▶ [What is expected]
Line tally for the word "functions": count the lines below that contain it and reply with the number alone.

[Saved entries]
====

(* Let $T$ be a tree which is not barren and such that for every vertex $v$ of $T$ the set $\{t(a): a \text{ an arrow with } s(a)=v\}$ is finite. Then $T$ is not a source injective representation quiver.
   Context: A quiver is a directed graph with arrows $a$ having source $s(a)$ and target $t(a)$; a path is a finite composable sequence of arrows. A tree is a quiver $T$ with a vertex $r$ (the root) such that for every vertex $w$ there is a unique path from $r$ to $w$. The $i$-th stage of $T$ consists of the vertices whose path from the root has length $i$. $T$ is barren if the number $n_i$ of vertices in the $i$-th stage is finite for every $i$ and the sequence $n_1,n_2,\dots$ is eventually constant. A representation $X$ of a quiver $Q$ in $R\text{-Mod}$ assigns a left $R$-module $X(v)$ to each vertex and an $R$-linear map $X(a):X(s(a))\to X(t(a))$ to each arrow. A quiver $Q$ is a source injective representation quiver if for every ring $R$, a representation $X$ of $Q$ in $R\text{-Mod}$ is injective (in the category of representations) if and only if (i) $X(v)$ is an injective $R$-module for every vertex $v$, and (ii) for every vertex $v$ the map $X(v)\to\prod_{s(a)=v}X(t(a))$ induced by the maps $X(a)$ is a split epimorphism. *)

From HB Require Import structures.
From mathcomp Require Import all_boot all_algebra.
Set Implicit Arguments. Unset Strict Implicit. Unset Printing Implicit Defensive.
Import GRing.Theory.
Local Open Scope ring_scope.

Section Quivers.
Variables (V A : Type) (s t : A -> V).

Fixpoint is_path (u : V) (p : seq A) (w : V) : Prop :=
  match p with
  | [::] => u = w
  | a :: p' => s a = u /\ is_path (t a) p' w
  end.

Definition is_root (r : V) : Prop :=
  forall w : V, exists! p : seq A, is_path r p w.

Definition is_tree : Prop := exists r : V, is_root r.

Definition has_card (P : V -> Prop) (n : nat) : Prop :=
  exists f : 'I_n -> V, injective f /\ (forall w, P w <-> exists i, f i = w).

Definition finite_pred (P : V -> Prop) : Prop := exists n, has_card P n.

Definition stage (r : V) (i : nat) (w : V) : Prop :=
  exists p : seq A, is_path r p w /\ size p = i.

Definition barren (r : V) : Prop :=
  exists n : nat -> nat,
    (forall i, has_card (stage r i) (n i)) /\
    exists N c, forall i, (N <= i)%N -> n i = c.

Definition locally_finite : Prop :=
  forall v : V, finite_pred (fun w => exists a, s a = v /\ t a = w).

Record rep (R : nzRingType) := Rep {
  rep_mod : V -> lmodType R;
  rep_map : forall a : A, {linear rep_mod (s a) -> rep_mod (t a)}
}.

Definition is_rep_morph (R : nzRingType) (Y Z : rep R)
  (f : forall v, {linear rep_mod Y v -> rep_mod Z v}) : Prop :=
  forall (a : A) (y : rep_mod Y (s a)),
    f (t a) (rep_map Y a y) = rep_map Z a (f (s a) y).

(* Injective object in the category of representations (monomorphisms
   are the morphisms which are injective at every vertex). *)
Definition rep_injective (R : nzRingType) (X : rep R) : Prop :=
  forall (Y Z : rep R) (f : forall v, {linear rep_mod Y v -> rep_mod Z v})
         (g : forall v, {linear rep_mod Y v -> rep_mod X v}),
    is_rep_morph f -> (forall v, injective (f v)) -> is_rep_morph g ->
    exists h : forall v, {linear rep_mod Z v -> rep_mod X v},
      is_rep_morph h /\ forall v (y : rep_mod Y v), h v (f v y) = g v y.

(* The product prod_{s(a)=v} X(t(a)) is represented by dependent functions
   on {a | s a = v}; the map X(v) -> product is x |-> (a |-> X(a) x).
   Split epimorphism: it has an R-linear right inverse. *)
Definition out_split_epi (R : nzRingType) (X : rep R) (v : V) : Prop :=
  exists sec : (forall a : {a : A | s a = v}, rep_mod X (t (sval a))) -> rep_mod X v,
    (forall (r : R) (F G : forall a : {a : A | s a = v}, rep_mod X (t (sval a))),
        sec (fun a => r *: F a + G a) = r *: sec F + sec G) /\
    (forall (F : forall a : {a : A | s a = v}, rep_mod X (t (sval a)))
            (a : {a : A | s a = v}),
        rep_map X (sval a) (eq_rect_r (fun u => rep_mod X u) (sec F) (svalP a))
          = F a).

End Quivers.

Definition module_injective (R : nzRingType) (E : lmodType R) : Prop :=
  forall (M N : lmodType R) (i : {linear M -> N}) (g : {linear M -> E}),
    injective i -> exists h : {linear N -> E}, forall m, h (i m) = g m.

Definition source_injective_rep_quiver (V A : Type) (s t : A -> V) : Prop :=
  forall (R : nzRingType) (X : rep s t R),
    rep_injective X <->
    ((forall v, module_injective (rep_mod X v)) /\ (forall v, out_split_epi X v)).

(* Every vector space is an injective module, so over a field condition (i) is
   automatic and it suffices to exhibit a representation X satisfying (ii) that
   is not injective.  Let X(v) consist of the functions on the descendants of v
   whose support has bounded depth, with restriction along arrows.  Since each
   vertex has finitely many children, compatible functions on the subtrees of
   the children glue with a common depth bound, which splits (ii).
   If the tree is not barren then branching vertices occur at arbitrary depth
   (otherwise the stage sizes are eventually nonincreasing, hence eventually
   constant), and a Koenig argument gives a ray from the root whose off-ray
   children S form an antichain of unbounded depth.  A morphism from the
   constant representation K^2 with arrows (z1, z2) |-> (z1, 0) into X is
   constant along paths at (1, 0); extending the map that sends the generator
   at w in S to the indicator of w would make the value at the root equal to 1
   on all of S, contradicting bounded depth. *)

From HB Require Import structures.
From mathcomp Require Import all_boot all_algebra.
From mathcomp Require Import boolp classical_sets functions.
Set Implicit Arguments. Unset Strict Implicit. Unset Printing Implicit Defensive.
Import GRing.Theory.
Local Open Scope ring_scope.
Local Open Scope classical_set_scope.

Definition mk_linear (R : pzRingType) (U W : lmodType R) (f : U -> W) (fL : linear f) :
  {linear U -> W} := HB.pack f (GRing.isLinear.Build R U W *:%R f fL).

Section FieldModuleInjective.
Variables (K : fieldType) (M N : lmodType K) (i : {linear M -> N}).
Hypothesis i_inj : injective i.

Definition lin_closed (C : set N) := forall a x y, C x -> C y -> C (a *: x + y).

Definition image_transversal (C : set N) :=
  lin_closed C /\ forall m, C (i m) -> i m = 0.

Lemma max_image_transversal_exists :
  exists C, image_transversal C /\ forall B, C `<` B -> ~ image_transversal B.
Proof.
apply: Zorn_bigcup => F FT Ftot; split.
- move=> a x y [X FX Xx] [Y FY Yy].
  have [XY|YX] := Ftot _ _ FX FY.
  + by exists Y => //; apply: (FT _ FY).1 => //; apply: XY.
  + by exists X => //; apply: (FT _ FX).1 => //; apply: YX.
- by move=> m [X FX Xm]; apply: (FT _ FX).2.
Qed.

Variable C : set N.
Hypotheses (C_transversal : image_transversal C)
  (C_max : forall B, C `<` B -> ~ image_transversal B).

Lemma max_image_transversal0 : C 0.
Proof.
apply: contrapT => C0; apply: (C_max (B := [set 0])); last first.
  by split=> [a x y -> ->|//]; rewrite scaler0 addr0.
split=> [x Cx|/(_ 0 erefl)//]; exfalso; apply: C0.
by rewrite -(addNr x) -scaleN1r; apply: C_transversal.1.
Qed.

Lemma max_image_transversal_complement n : exists m c, C c /\ n = i m + c.
Proof.
apply: contrapT => n_out; have [C_lin C_cap] := C_transversal.
pose B := [set c + l *: n | c in C & l in [set: K]].
apply: (C_max (B := B)); split.
- by move=> c Cc; exists c => //; exists 0 => //; rewrite scale0r addr0.
- move=> /(_ n) Cn; apply: n_out; exists 0, n; rewrite linear0 add0r; split => //.
  apply: Cn; exists 0; first exact: max_image_transversal0.
  by exists 1 => //; rewrite add0r scale1r.
- move=> a _ _ [c1 Cc1 [l1 _ <-]] [c2 Cc2 [l2 _ <-]].
  exists (a *: c1 + c2); first exact: C_lin.
  by exists (a * l1 + l2) => //; rewrite scalerDr scalerDl scalerA addrACA.
move=> m [c Cc [l _ Em]]; have [l0|l0] := eqVneq l 0.
  by apply: C_cap; rewrite -Em l0 scale0r addr0.
exfalso; apply: n_out; exists (l^-1 *: m), (- l^-1 *: c); split.
  by rewrite -[_ *: c]addr0; apply: C_lin => //; apply: max_image_transversal0.
by rewrite linearZ /= -Em scalerDr scalerA mulVf // scale1r scaleNr addrC addKr.
Qed.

====

▶ [Result for this task]
4